[Collected data entries]
(* For a dcpo $P$ the following are equivalent: (1) $\Sigma P$ is a $d^{\ast}$-space; (2) for every $x\in P$ and every Scott closed set $C\neq P$, the set ${\downarrow}({\uparrow}x\cap C)$ is Scott closed; (3) for every $K\in K(\Sigma P)$ and every Scott closed set $C\neq P$, the set ${\downarrow}(K\cap C)$ is Scott closed; (4) $\Sigma P$ is $S^{\ast}$-well-filtered.
   Context: A dcpo is a poset in which every directed subset has a supremum. $\Sigma P$ is $P$ with the Scott topology (a set $U$ is Scott open if $U={\uparrow}U$ and every directed $D$ with $\bigvee D\in U$ meets $U$; Scott closed sets are the complements); its specialization order is the order of $P$. For a space $X$, ${\uparrow},{\downarrow}$ are taken in the specialization order ($x\le y$ iff $x\in cl\{y\}$); $K(X)$ is the set of nonempty compact saturated (= upper) subsets; a family in $K(X)$ is filtered if any two members contain a common member. $X$ is a $d^{\ast}$-space if for every directed $D\subseteq X$, every $x\in X$ and every nonempty open $U$, $\bigcap_{d\in D}{\uparrow}d\cap{\uparrow}x\subseteq U$ implies ${\uparrow}d\cap{\uparrow}x\subseteq U$ for some $d\in D$. $X$ is $S^{\ast}$-well-filtered if for every filtered family $\{K_i\mid i\in I\}\subseteq K(X)$, every $G\in K(X)$ and every nonempty open $U$, $\bigcap_{i}K_i\cap G\subseteq U$ implies $K_i\cap G\subseteq U$ for some $i$. *)

From Stdlib Require Import List.

Set Implicit Arguments.
Section Order.
Variable T : Type.
Variable le : T -> T -> Prop.

Definition is_partial_order : Prop :=
  (forall x, le x x) /\
  (forall x y z, le x y -> le y z -> le x z) /\
  (forall x y, le x y -> le y x -> x = y).

Definition directed (D : T -> Prop) : Prop :=
  (exists d, D d) /\
  (forall a b, D a -> D b -> exists c, D c /\ le a c /\ le b c).

Definition is_sup (D : T -> Prop) (s : T) : Prop :=
  (forall d, D d -> le d s) /\
  (forall u, (forall d, D d -> le d u) -> le s u).

Definition is_dcpo : Prop :=
  is_partial_order /\ forall D, directed D -> exists s, is_sup D s.

Definition up (x : T) : T -> Prop := fun y => le x y.
Definition upset (A : T -> Prop) : Prop := forall x y, A x -> le x y -> A y.
Definition down (A : T -> Prop) : T -> Prop := fun y => exists a, A a /\ le y a.

Definition scott_open (U : T -> Prop) : Prop :=
  upset U /\
  forall D s, directed D -> is_sup D s -> U s -> exists d, D d /\ U d.

Definition scott_closed (C : T -> Prop) : Prop :=
  scott_open (fun x => ~ C x).

Definition scott_compact (K : T -> Prop) : Prop :=
  forall (I : Type) (U : I -> T -> Prop),
    (forall i, scott_open (U i)) ->
    (forall x, K x -> exists i, U i x) ->
    exists l : list I, forall x, K x -> exists i, In i l /\ U i x.

(* K(Sigma P): nonempty compact saturated (= upper) subsets *)
Definition KSigma (K : T -> Prop) : Prop :=
  (exists x, K x) /\ scott_compact K /\ upset K.
(* Let $A=\mathbb C\langle u^{\pm1},v^{\pm1}\rangle$ and $c=uvu^{-1}v^{-1}$. For every $H\in A$, $\{c,H\}_K\equiv0\bmod[A,A]$; that is, $\pi(c)$ lies in the center of the bracket induced by $\{\cdot,\cdot\}_K$ on $A/[A,A]$.
   Context: $A$ is the group algebra over $\mathbb C$ of the free group on $u,v$; $[A,A]$ is the span of all $ab-ba$; $\pi:A\to A/[A,A]$ the projection. $\mu(a\otimes b)=ab$; $A\otimes A$ has componentwise multiplication. The double bracket $\llbracket\cdot\rrbracket_K:A\otimes A\to A\otimes A$ is the linear map with $\llbracket u\otimes v\rrbracket_K=-vu\otimes1$, $\llbracket v\otimes u\rrbracket_K=uv\otimes1$, $\llbracket u\otimes u\rrbracket_K=\llbracket v\otimes v\rrbracket_K=0$, extended (also to inverse letters) by the Leibniz rules $\llbracket a\otimes bc\rrbracket_K=\llbracket a\otimes b\rrbracket_K(1\otimes c)+(b\otimes1)\llbracket a\otimes c\rrbracket_K$ and $\llbracket ab\otimes c\rrbracket_K=\llbracket a\otimes c\rrbracket_K(b\otimes1)+(1\otimes a)\llbracket b\otimes c\rrbracket_K$. The bracket is $\{a,b\}_K=\mu(\llbracket a\otimes b\rrbracket_K)$. *)

From HB Require Import structures.
From mathcomp Require Import all_boot all_algebra.
From mathcomp Require Import finmap.
From mathcomp Require Import monalg.
From mathcomp Require Import complex.
From mathcomp Require Import Rstruct.

Set Implicit Arguments.
Unset Strict Implicit.
Unset Printing Implicit Defensive.

Import GRing.Theory.
Local Open Scope ring_scope.

Definition Cc : fieldType := (Rdefinitions.R)[i].

(* The free group F(u,v) on two generators, as reduced words.
   A letter is a pair (g, e): g = false means u, g = true means v;
   e = false is the letter itself, e = true its inverse. *)
Definition letter := (bool * bool)%type.
Definition linv (x : letter) : letter := (x.1, ~~ x.2).

Definition lpush (x : letter) (s : seq letter) : seq letter :=
  if s is y :: s' then (if y == linv x then s' else x :: s) else [:: x].

Definition reduce (w : seq letter) : seq letter := foldr lpush [::] w.

Definition reducedw (w : seq letter) : bool :=
  sorted (fun x y => y != linv x) w.

Lemma reduce_reduced w : reducedw (reduce w).
Proof.
rewrite /reducedw; elim: w => [|x w IH] //=.
rewrite /lpush; case: (reduce w) IH => [|y s] //= Hs.
case: ifP => [_|/negbT Hy]; first exact: path_sorted Hs.
by rewrite /= Hy Hs.
Qed.

Record FG := FGword { fgval : seq letter; _ : reducedw fgval }.
HB.instance Definition _ := [isSub for fgval].
HB.instance Definition _ := [Equality of FG by <:].
HB.instance Definition _ := [Choice of FG by <:].

Definition fgmul (g h : FG) : FG :=
  @FGword (reduce (fgval g ++ fgval h)) (reduce_reduced _).
Definition fg1 : FG := @FGword [::] isT.
Definition fg_letter (x : letter) : FG := @FGword [:: x] isT.
Definition fg_u  : FG := fg_letter (false, false).
Definition fg_v  : FG := fg_letter (true, false).
Definition fg_ui : FG := fg_letter (false, true).
Definition fg_vi : FG := fg_letter (true, true).

Definition gconv (K : choiceType) (op : K -> K -> K)
    (a b : {malg Cc[K]}) : {malg Cc[K]} :=
  \sum_(g <- msupp a) \sum_(h <- msupp b) << a@_g * b@_h *g op g h >>.

(* A = C<u^{+-1}, v^{+-1}> = C[F(u,v)] *)
Definition A := {malg Cc[FG]}.
Definition Amul (a b : A) : A := gconv fgmul a b.
Definition A1 : A := << fg1 >>.
Definition Au  : A := << fg_u >>.
Definition Av  : A := << fg_v >>.
Definition Aui : A := << fg_ui >>.
Definition Avi : A := << fg_vi >>.

(* A (x) A = C[F(u,v) x F(u,v)], with componentwise multiplication *)
Definition fgmul2 (p q : FG * FG) : FG * FG := (fgmul p.1 q.1, fgmul p.2 q.2).
Definition AA := {malg Cc[(FG * FG)%type]}.
Definition AAmul (x y : AA) : AA := gconv fgmul2 x y.

Definition tens (a b : A) : AA :=
  \sum_(g <- msupp a) \sum_(h <- msupp b) << a@_g * b@_h *g (g, h) >>.

Definition mu (x : AA) : A :=
  \sum_(p <- msupp x) << x@_p *g fgmul p.1 p.2 >>.

Definition in_commA (x : A) : Prop :=
  exists s : seq (Cc * (A * A)),
    x = \sum_(t <- s) t.1 *: (Amul t.2.1 t.2.2 - Amul t.2.2 t.2.1).

Definition is_double_bracket_K (D : {linear AA -> AA}) : Prop :=
  [/\ D (tens Au Av) = - tens (Amul Av Au) A1,
      D (tens Av Au) = tens (Amul Au Av) A1,
      D (tens Au Au) = 0 /\ D (tens Av Av) = 0,
      (forall a b c : A,
          D (tens a (Amul b c)) =
          AAmul (D (tens a b)) (tens A1 c) + AAmul (tens b A1) (D (tens a c)))
    & (forall a b c : A,
          D (tens (Amul a b) c) =
          AAmul (D (tens a c)) (tens b A1) + AAmul (tens A1 a) (D (tens b c)))].

Definition bracketK (D : {linear AA -> AA}) (a b : A) : A := mu (D (tens a b)).

Definition cA : A := Amul (Amul (Amul Au Av) Aui) Avi.

(* Write delta H := {c, H}_K - (c H - H c).  The Leibniz rule in the second
   argument makes {c, .}_K a derivation of A, and so is the inner derivation
   H |-> c H - H c; hence delta is a linear derivation.  A derivation vanishing
   on u and v also vanishes on u^-1 and v^-1, hence on every reduced word, hence
   everywhere.  The values delta u = delta v = 0 are a finite computation: the
   Leibniz rule in the first argument expands [[c (x) u]] and [[c (x) v]] letter
   by letter, with [[g^-1 (x) w]] = - (1 (x) g^-1) [[g (x) w]] (g^-1 (x) 1).
   So {c, H}_K = c H - H c lies in [A, A]. *)

From Pilot Require Import Defs.
From HB Require Import structures.
From mathcomp Require Import all_boot all_algebra sesquilinear.
From mathcomp Require Import finmap monalg complex Rstruct.

Set Implicit Arguments.
Unset Strict Implicit.
Unset Printing Implicit Defensive.
Import GRing.Theory.
Local Open Scope ring_scope.

(* monalg also exports an [fgmul]. *)
Local Notation fgmul := Defs.fgmul.

Lemma linvK : involutive linv.
Proof. by case=> g e; rewrite /linv /= negbK. Qed.

Lemma reduce_id w : reducedw w -> reduce w = w.
Proof.
elim: w => [|x w IH] //= red_xw; rewrite IH; last exact: path_sorted red_xw.
by case: w red_xw {IH} => [|y w] //= /andP[/negbTE ->].
Qed.

Lemma reduce_cat s t : reduce (s ++ t) = foldr lpush (reduce t) s.
Proof. exact: foldr_cat. Qed.

Lemma reduce_lpush_cat x r t : reduce (lpush x r ++ t) = lpush x (reduce (r ++ t)).
Proof.
case: r => [|y r] //=; case: ifP => [/eqP ->|_] //=.
have : reducedw (reduce (r ++ t)) by exact: reduce_reduced.
case: (reduce (r ++ t)) => [|z w] /=; first by rewrite eqxx.
rewrite linvK; case: eqP => [-> red_w|_ _]; last by rewrite /= eqxx.
by case: w red_w => [|z' w] //= /andP[/negbTE ->].
Qed.

Lemma reduce_catl s t : reduce (reduce s ++ t) = reduce (s ++ t).
Proof. by elim: s => [|x s IH] //=; rewrite reduce_lpush_cat IH. Qed.

Lemma reduce_catr s t : reduce (s ++ reduce t) = reduce (s ++ t).
Proof. by rewrite !reduce_cat reduce_id // reduce_reduced. Qed.

Lemma fgmulA : associative fgmul.
Proof. by move=> g h k; apply: val_inj; rewrite /= reduce_catl reduce_catr catA. Qed.

Lemma fgmul1g : left_id fg1 fgmul.
Proof. by case=> w red_w; apply: val_inj; rewrite /= reduce_id. Qed.

Lemma fgmulg1 : right_id fg1 fgmul.
Proof. by case=> w red_w; apply: val_inj; rewrite /= cats0 reduce_id. Qed.

Lemma fgword_cons x w (red_xw : reducedw (x :: w)) :
  FGword red_xw = fgmul (fg_letter x) (FGword (path_sorted red_xw)).
Proof.
apply: val_inj; rewrite /= reduce_id; last exact: path_sorted red_xw.
by case: w red_xw => [|y w] //= /andP[/negbTE ->].
Qed.

Lemma scale_monalgU (K : choiceType) (c x : Cc) (k : K) :
  c *: << x *g k >> = << c * x *g k >>.
Proof. by apply/malgP=> k'; rewrite mcoeffZ !mcoeffU mulrnAr. Qed.

Lemma msuppZD_le (K : choiceType) c (x y : {malg Cc[K]}) :
  (msupp (c *: x + y) `<=` msupp x `|` msupp y)%fset.
Proof. exact: fsubset_trans (msuppD_le _ _) (fsetSU _ (msuppZ_le _ _)). Qed.

(* [basis], [mconv] and [mmap] are locked: a failed unification between
   unfolded monoid-algebra terms over [FG * FG] is extremely slow (it computes
   with pickled keys), so all reasoning happens at the level of these names. *)
Fact basis_key : unit. Proof. by []. Qed.
Definition basis (K : choiceType) : K -> {malg Cc[K]} :=
  locked_with basis_key (fun k => << k >>).

Lemma basisE (K : choiceType) (k : K) : basis k = << k >>.
Proof. by rewrite /basis unlock. Qed.

Fact mconv_key : unit. Proof. by []. Qed.

Section Convolution.
Variables (K1 K2 K3 : choiceType) (op : K1 -> K2 -> K3).

Definition mconv : {malg Cc[K1]} -> {malg Cc[K2]} -> {malg Cc[K3]} :=
  locked_with mconv_key (fun a b =>
    \sum_(g <- msupp a) \sum_(h <- msupp b) << a@_g * b@_h *g op g h >>).

Lemma mconvEw (d1 : {fset K1}) (d2 : {fset K2}) a b :
  (msupp a `<=` d1)%fset -> (msupp b `<=` d2)%fset ->
  mconv a b = \sum_(g <- d1) \sum_(h <- d2) << a@_g * b@_h *g op g h >>.
Proof.
move=> le_d1 le_d2; rewrite /mconv unlock (big_fset_incl _ le_d1) /=.
  apply/eq_bigr=> g _; apply/big_fset_incl => // h _ /mcoeff_outdom ->.
  by rewrite mulr0 monalgU0.
move=> g _ /mcoeff_outdom ->.
by rewrite big1 => // h _; rewrite mul0r monalgU0.
Qed.

Lemma mconv_is_bilinear : bilinear_for *:%R *:%R mconv.
Proof.
split=> [b|a] c x y /=.
  rewrite (mconvEw (msuppZD_le c x y) (fsubset_refl (msupp b))).
  rewrite (mconvEw (fsubsetUl _ (msupp y)) (fsubset_refl (msupp b))).
  rewrite (mconvEw (fsubsetUr (msupp x) _) (fsubset_refl (msupp b))).
  rewrite scaler_sumr -big_split; apply: eq_bigr => g _.
  rewrite scaler_sumr -big_split; apply: eq_bigr => h _.
  by rewrite mcoeffD mcoeffZ mulrDl monalgUD scale_monalgU mulrA.
rewrite (mconvEw (fsubset_refl (msupp a)) (msuppZD_le c x y)).
rewrite (mconvEw (fsubset_refl (msupp a)) (fsubsetUl _ (msupp y))).
rewrite (mconvEw (fsubset_refl (msupp a)) (fsubsetUr (msupp x) _)).
rewrite scaler_sumr -big_split; apply: eq_bigr => g _.
rewrite scaler_sumr -big_split; apply: eq_bigr => h _.
by rewrite mcoeffD mcoeffZ mulrDr monalgUD scale_monalgU mulrCA.
Qed.

Lemma mconv_basis k1 k2 : mconv (basis k1) (basis k2) = basis (op k1 k2).
Proof.
by rewrite !basisE (mconvEw msuppU_le msuppU_le) !big_seq_fset1 !mcoeffUU mulr1.
Qed.

End Convolution.

HB.instance Definition _ (K1 K2 K3 : choiceType) (op : K1 -> K2 -> K3) :=
  bilinear_isBilinear.Build Cc _ _ _ *:%R *:%R (mconv op) (mconv_is_bilinear op).

Section ConvolutionAdditive.
Variables (K1 K2 K3 : choiceType) (op : K1 -> K2 -> K3).

Lemma mconv0l b : mconv op 0 b = 0. Proof. exact: linear0l. Qed.
Lemma mconv0r a : mconv op a 0 = 0. Proof. exact: linear0r. Qed.
Lemma mconvNl a b : mconv op (- a) b = - mconv op a b. Proof. exact: linearNl. Qed.
Lemma mconvNr a b : mconv op a (- b) = - mconv op a b. Proof. exact: linearNr. Qed.
Lemma mconvDl a a' b : mconv op (a + a') b = mconv op a b + mconv op a' b.
Proof. exact: linearDl. Qed.
Lemma mconvBl a a' b : mconv op (a - a') b = mconv op a b - mconv op a' b.
Proof. exact: linearBl. Qed.
Lemma mconvBr a b b' : mconv op a (b - b') = mconv op a b - mconv op a b'.
Proof. exact: linearBr. Qed.

End ConvolutionAdditive.

Fact mmap_key : unit. Proof. by []. Qed.

Section Pushforward.
Variables (K K' : choiceType) (f : K -> K').

Definition mmap : {malg Cc[K]} -> {malg Cc[K']} :=
  locked_with mmap_key (fun x => \sum_(k <- msupp x) << x@_k *g f k >>).

Lemma mmapEw (d : {fset K}) x : (msupp x `<=` d)%fset ->
  mmap x = \sum_(k <- d) << x@_k *g f k >>.
Proof.
move=> le_d; rewrite /mmap unlock (big_fset_incl _ le_d) //.
by move=> k _ /mcoeff_outdom ->; rewrite monalgU0.
Qed.

Lemma mmap_is_linear : linear mmap.
Proof.
move=> c x y; rewrite (mmapEw (msuppZD_le c x y)).
rewrite (mmapEw (fsubsetUl _ (msupp y))) (mmapEw (fsubsetUr (msupp x) _)).
rewrite scaler_sumr -big_split; apply: eq_bigr => k _.
by rewrite mcoeffD mcoeffZ monalgUD scale_monalgU.
Qed.

Lemma mmap_basis k : mmap (basis k) = basis (f k).
Proof. by rewrite !basisE (mmapEw msuppU_le) big_seq_fset1 mcoeffUU. Qed.

End Pushforward.

HB.instance Definition _ (K K' : choiceType) (f : K -> K') :=
  GRing.isLinear.Build Cc _ _ *:%R (mmap f) (mmap_is_linear f).

Lemma malg_linear_ext (K : choiceType) (V : lmodType Cc)
    (f g : {malg Cc[K]} -> V) :
  linear f -> linear g -> (forall k, f (basis k) = g (basis k)) -> f =1 g.
Proof.
have lin0 (h : {malg Cc[K]} -> V) : linear h -> h 0 = 0.
  by move=> lin_h; have := lin_h (-1) 0 0; rewrite scaler0 addr0 scaleN1r addNr.
move=> lin_f lin_g fg x; rewrite (monalgE x).
elim: (enum_fset (msupp x)) => [|k s IH]; first by rewrite !big_nil !lin0.
by rewrite big_cons -[x@_k]mulr1 -scale_monalgU -basisE lin_f lin_g fg IH.
Qed.

Lemma linear_sub_fun (U V : lmodType Cc) (f g : U -> V) :
  linear f -> linear g -> linear (fun x => f x - g x).
Proof. by move=> lin_f lin_g k x y; rewrite lin_f lin_g scalerBr opprD addrACA. Qed.

Section Monoid.
Variables (K : choiceType) (op : K -> K -> K).

Lemma mconvA : associative op -> associative (mconv op).
Proof.
move=> opA a b c; move: a; apply: malg_linear_ext => [k x y|k x y|g] /=.
- by rewrite linearPl.
- by rewrite linearPl /= linearPl.
move: b; apply: malg_linear_ext => [k x y|k x y|h] /=.
- by rewrite linearPl /= linearPr.
- by rewrite linearPr /= linearPl.
move: c; apply: malg_linear_ext => [k x y|k x y|i] /=.
- by rewrite linearPr /= linearPr.
- by rewrite linearPr.
by rewrite !mconv_basis opA.
Qed.

Lemma mconv1l k0 : left_id k0 op -> left_id (basis k0) (mconv op).
Proof.
move=> op1l; apply: malg_linear_ext => [k x y|//|g] /=; first by rewrite linearPr.
by rewrite mconv_basis op1l.
Qed.

Lemma mconv1r k0 : right_id k0 op -> right_id (basis k0) (mconv op).
Proof.
move=> op1r; apply: malg_linear_ext => [k x y|//|g] /=; first by rewrite linearPl.
by rewrite mconv_basis op1r.
Qed.

End Monoid.

Lemma fgmul2A : associative fgmul2.
Proof. by move=> [g g'] [h h'] [k k']; rewrite /fgmul2 /= !fgmulA. Qed.

Lemma fgmul2_1l : left_id (fg1, fg1) fgmul2.
Proof. by move=> [g h]; rewrite /fgmul2 /= !fgmul1g. Qed.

=== Assignment ===
Write out only the lines that run from the line containing "Definition Aui : A := << fg_ui >>." through the line containing "on u and v also", both included, exactly as they appear above.

=== Result of this exercise ===
Definition Aui : A := << fg_ui >>.
Definition Avi : A := << fg_vi >>.

(* A (x) A = C[F(u,v) x F(u,v)], with componentwise multiplication *)
Definition fgmul2 (p q : FG * FG) : FG * FG := (fgmul p.1 q.1, fgmul p.2 q.2).
Definition AA := {malg Cc[(FG * FG)%type]}.
Definition AAmul (x y : AA) : AA := gconv fgmul2 x y.

Definition tens (a b : A) : AA :=
  \sum_(g <- msupp a) \sum_(h <- msupp b) << a@_g * b@_h *g (g, h) >>.

Definition mu (x : AA) : A :=
  \sum_(p <- msupp x) << x@_p *g fgmul p.1 p.2 >>.

Definition in_commA (x : A) : Prop :=
  exists s : seq (Cc * (A * A)),
    x = \sum_(t <- s) t.1 *: (Amul t.2.1 t.2.2 - Amul t.2.2 t.2.1).

Definition is_double_bracket_K (D : {linear AA -> AA}) : Prop :=
  [/\ D (tens Au Av) = - tens (Amul Av Au) A1,
      D (tens Av Au) = tens (Amul Au Av) A1,
      D (tens Au Au) = 0 /\ D (tens Av Av) = 0,
      (forall a b c : A,
          D (tens a (Amul b c)) =
          AAmul (D (tens a b)) (tens A1 c) + AAmul (tens b A1) (D (tens a c)))
    & (forall a b c : A,
          D (tens (Amul a b) c) =
          AAmul (D (tens a c)) (tens b A1) + AAmul (tens A1 a) (D (tens b c)))].

Definition bracketK (D : {linear AA -> AA}) (a b : A) : A := mu (D (tens a b)).

Definition cA : A := Amul (Amul (Amul Au Av) Aui) Avi.

(* Write delta H := {c, H}_K - (c H - H c).  The Leibniz rule in the second
   argument makes {c, .}_K a derivation of A, and so is the inner derivation
   H |-> c H - H c; hence delta is a linear derivation.  A derivation vanishing
   on u and v also vanishes on u^-1 and v^-1, hence on every reduced word, hence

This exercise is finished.